| Provided material |
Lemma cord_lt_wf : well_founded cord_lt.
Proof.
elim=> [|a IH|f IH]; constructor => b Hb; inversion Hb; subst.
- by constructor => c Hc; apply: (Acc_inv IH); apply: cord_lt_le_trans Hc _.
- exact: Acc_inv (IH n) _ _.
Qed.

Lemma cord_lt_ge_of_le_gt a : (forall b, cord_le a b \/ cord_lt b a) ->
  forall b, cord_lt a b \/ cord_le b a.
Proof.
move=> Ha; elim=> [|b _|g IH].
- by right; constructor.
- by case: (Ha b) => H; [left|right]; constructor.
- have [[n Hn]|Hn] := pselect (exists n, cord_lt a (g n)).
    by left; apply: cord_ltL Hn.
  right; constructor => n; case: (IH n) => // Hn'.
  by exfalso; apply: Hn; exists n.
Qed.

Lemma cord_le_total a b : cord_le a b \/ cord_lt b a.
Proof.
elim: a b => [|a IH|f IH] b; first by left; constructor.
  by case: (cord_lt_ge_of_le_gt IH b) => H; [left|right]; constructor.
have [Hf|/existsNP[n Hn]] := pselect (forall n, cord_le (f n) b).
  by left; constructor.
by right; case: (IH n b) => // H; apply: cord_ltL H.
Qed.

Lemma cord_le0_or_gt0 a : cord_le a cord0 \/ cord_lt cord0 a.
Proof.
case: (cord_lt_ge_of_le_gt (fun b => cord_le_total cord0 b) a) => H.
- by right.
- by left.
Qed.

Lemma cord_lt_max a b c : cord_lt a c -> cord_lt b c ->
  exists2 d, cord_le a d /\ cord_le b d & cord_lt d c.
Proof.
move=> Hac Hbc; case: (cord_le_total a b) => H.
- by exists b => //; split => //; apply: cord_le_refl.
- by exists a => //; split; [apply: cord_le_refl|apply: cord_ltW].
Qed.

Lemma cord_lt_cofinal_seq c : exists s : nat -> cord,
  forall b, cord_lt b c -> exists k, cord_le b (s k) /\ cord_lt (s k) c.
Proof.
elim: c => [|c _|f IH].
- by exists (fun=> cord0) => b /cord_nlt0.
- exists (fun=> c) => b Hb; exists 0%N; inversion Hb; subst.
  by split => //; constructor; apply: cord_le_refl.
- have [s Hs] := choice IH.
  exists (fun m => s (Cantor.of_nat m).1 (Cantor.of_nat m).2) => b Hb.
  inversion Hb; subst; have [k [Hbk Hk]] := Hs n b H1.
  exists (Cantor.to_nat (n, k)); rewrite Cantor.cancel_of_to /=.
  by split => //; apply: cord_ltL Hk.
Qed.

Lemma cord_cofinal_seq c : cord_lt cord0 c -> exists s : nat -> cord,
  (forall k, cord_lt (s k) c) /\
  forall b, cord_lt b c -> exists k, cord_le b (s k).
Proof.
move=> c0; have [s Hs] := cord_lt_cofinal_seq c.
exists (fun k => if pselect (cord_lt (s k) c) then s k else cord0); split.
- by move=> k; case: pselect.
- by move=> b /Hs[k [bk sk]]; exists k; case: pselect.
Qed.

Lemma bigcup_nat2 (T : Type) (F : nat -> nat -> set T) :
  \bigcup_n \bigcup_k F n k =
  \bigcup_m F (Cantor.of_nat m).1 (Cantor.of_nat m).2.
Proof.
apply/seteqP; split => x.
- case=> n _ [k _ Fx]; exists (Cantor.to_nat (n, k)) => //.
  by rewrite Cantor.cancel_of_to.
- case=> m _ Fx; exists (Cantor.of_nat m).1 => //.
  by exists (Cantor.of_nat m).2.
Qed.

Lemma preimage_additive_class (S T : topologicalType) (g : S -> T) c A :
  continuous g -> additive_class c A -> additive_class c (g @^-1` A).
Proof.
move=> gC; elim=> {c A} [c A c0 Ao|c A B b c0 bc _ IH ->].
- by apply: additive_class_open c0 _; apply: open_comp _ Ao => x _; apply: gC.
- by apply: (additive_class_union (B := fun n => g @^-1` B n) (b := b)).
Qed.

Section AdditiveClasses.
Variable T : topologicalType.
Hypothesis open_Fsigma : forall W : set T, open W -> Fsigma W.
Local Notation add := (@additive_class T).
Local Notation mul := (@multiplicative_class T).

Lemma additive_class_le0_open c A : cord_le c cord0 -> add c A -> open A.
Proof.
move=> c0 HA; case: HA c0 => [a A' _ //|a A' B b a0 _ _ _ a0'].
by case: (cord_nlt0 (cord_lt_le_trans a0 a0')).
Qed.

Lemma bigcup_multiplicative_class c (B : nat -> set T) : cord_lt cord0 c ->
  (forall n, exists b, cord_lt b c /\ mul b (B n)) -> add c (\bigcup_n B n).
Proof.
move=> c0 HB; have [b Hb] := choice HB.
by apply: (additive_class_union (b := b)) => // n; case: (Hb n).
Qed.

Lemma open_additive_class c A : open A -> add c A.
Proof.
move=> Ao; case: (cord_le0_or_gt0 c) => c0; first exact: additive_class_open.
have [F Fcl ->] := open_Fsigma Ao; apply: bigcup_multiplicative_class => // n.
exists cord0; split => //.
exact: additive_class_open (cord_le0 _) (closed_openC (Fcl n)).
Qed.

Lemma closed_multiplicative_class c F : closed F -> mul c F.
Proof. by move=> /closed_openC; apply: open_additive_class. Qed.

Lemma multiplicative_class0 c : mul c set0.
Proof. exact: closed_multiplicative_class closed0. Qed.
==
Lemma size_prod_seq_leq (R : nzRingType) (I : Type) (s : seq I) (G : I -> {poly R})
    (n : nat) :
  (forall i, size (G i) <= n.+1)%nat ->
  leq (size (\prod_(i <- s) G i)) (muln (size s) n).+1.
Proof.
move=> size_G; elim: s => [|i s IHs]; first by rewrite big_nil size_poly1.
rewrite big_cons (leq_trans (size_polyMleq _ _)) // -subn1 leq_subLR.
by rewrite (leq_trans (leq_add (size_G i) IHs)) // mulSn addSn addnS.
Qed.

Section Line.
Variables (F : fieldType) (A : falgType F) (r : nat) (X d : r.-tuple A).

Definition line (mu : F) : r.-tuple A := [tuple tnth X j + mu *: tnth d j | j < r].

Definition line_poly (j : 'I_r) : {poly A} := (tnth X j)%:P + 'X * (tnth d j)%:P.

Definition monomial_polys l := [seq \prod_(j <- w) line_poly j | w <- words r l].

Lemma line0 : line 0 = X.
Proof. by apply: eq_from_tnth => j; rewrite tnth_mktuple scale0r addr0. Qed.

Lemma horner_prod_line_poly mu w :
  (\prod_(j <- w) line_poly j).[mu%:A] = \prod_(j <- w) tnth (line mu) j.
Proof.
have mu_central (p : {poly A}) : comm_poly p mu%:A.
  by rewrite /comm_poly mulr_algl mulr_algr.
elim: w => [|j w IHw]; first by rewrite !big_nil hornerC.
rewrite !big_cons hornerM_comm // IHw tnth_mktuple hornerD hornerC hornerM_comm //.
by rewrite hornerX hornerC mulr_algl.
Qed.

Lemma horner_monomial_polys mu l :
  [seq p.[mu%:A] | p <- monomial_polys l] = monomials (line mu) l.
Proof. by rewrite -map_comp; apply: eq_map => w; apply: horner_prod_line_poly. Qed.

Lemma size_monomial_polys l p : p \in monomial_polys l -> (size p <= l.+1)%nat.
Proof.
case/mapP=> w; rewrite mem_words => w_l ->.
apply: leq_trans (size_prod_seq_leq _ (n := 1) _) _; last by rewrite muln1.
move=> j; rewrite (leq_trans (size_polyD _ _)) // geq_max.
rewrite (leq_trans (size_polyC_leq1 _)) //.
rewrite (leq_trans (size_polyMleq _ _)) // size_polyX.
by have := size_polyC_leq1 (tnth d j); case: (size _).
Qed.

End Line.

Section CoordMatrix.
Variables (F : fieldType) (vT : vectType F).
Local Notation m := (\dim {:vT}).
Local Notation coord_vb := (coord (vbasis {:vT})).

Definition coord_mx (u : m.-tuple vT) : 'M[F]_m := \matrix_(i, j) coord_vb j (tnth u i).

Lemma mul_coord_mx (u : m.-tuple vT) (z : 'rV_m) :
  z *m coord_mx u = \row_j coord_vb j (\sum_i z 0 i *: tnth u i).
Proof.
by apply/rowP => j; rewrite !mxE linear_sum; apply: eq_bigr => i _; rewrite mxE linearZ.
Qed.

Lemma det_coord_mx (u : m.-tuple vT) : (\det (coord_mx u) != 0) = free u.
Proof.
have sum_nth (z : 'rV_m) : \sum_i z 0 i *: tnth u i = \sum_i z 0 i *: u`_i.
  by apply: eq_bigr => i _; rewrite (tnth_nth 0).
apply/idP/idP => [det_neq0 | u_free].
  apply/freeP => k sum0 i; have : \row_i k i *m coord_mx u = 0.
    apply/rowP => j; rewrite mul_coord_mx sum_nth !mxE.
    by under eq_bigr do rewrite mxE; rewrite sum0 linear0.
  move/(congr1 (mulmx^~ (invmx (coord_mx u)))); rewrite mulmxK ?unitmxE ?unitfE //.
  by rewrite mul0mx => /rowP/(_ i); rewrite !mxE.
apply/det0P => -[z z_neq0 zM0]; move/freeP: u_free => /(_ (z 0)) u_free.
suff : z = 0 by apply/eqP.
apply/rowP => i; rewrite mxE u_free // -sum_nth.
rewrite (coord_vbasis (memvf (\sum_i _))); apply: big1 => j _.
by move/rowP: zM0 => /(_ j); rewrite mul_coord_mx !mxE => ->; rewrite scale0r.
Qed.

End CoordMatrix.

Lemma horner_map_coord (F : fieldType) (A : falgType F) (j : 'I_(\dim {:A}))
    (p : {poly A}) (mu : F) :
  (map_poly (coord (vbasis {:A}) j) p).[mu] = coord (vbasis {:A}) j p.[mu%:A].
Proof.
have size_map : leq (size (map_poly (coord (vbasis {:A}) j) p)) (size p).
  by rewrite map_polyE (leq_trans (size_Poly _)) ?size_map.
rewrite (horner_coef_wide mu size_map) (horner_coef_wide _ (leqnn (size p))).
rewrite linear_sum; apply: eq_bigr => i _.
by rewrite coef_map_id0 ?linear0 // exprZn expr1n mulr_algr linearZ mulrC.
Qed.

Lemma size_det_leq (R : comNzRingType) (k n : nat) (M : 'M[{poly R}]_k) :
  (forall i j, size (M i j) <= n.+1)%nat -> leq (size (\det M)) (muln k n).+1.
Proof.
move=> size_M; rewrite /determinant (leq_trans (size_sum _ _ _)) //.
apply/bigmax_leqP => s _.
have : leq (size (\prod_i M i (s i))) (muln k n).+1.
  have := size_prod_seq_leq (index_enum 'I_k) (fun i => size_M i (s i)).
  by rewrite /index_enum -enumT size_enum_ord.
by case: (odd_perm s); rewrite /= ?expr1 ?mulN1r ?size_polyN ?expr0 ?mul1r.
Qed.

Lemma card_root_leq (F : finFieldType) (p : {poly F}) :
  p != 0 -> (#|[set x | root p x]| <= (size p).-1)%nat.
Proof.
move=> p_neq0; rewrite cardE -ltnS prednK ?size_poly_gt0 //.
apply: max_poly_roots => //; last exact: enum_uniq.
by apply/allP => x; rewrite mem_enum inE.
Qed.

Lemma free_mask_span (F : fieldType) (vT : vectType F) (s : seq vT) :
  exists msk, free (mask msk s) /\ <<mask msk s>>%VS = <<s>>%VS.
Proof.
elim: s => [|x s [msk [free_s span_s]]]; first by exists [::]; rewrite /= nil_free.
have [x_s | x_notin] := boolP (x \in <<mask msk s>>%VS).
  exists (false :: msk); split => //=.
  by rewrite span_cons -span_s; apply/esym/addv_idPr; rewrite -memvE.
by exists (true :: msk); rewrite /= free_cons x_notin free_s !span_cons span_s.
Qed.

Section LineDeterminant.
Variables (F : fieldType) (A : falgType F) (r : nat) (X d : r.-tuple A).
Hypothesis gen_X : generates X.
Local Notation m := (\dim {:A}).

| Task statement |
Copy exactly the stretch of data above from the line with "Lemma cord_le0_or_gt0 a" through the line with "- by exists b", and omit all other lines.

| Task output |
Lemma cord_le0_or_gt0 a : cord_le a cord0 \/ cord_lt cord0 a.
Proof.
case: (cord_lt_ge_of_le_gt (fun b => cord_le_total cord0 b) a) => H.
- by right.
- by left.
Qed.

Lemma cord_lt_max a b c : cord_lt a c -> cord_lt b c ->
  exists2 d, cord_le a d /\ cord_le b d & cord_lt d c.
Proof.
move=> Hac Hbc; case: (cord_le_total a b) => H.
- by exists b => //; split => //; apply: cord_le_refl.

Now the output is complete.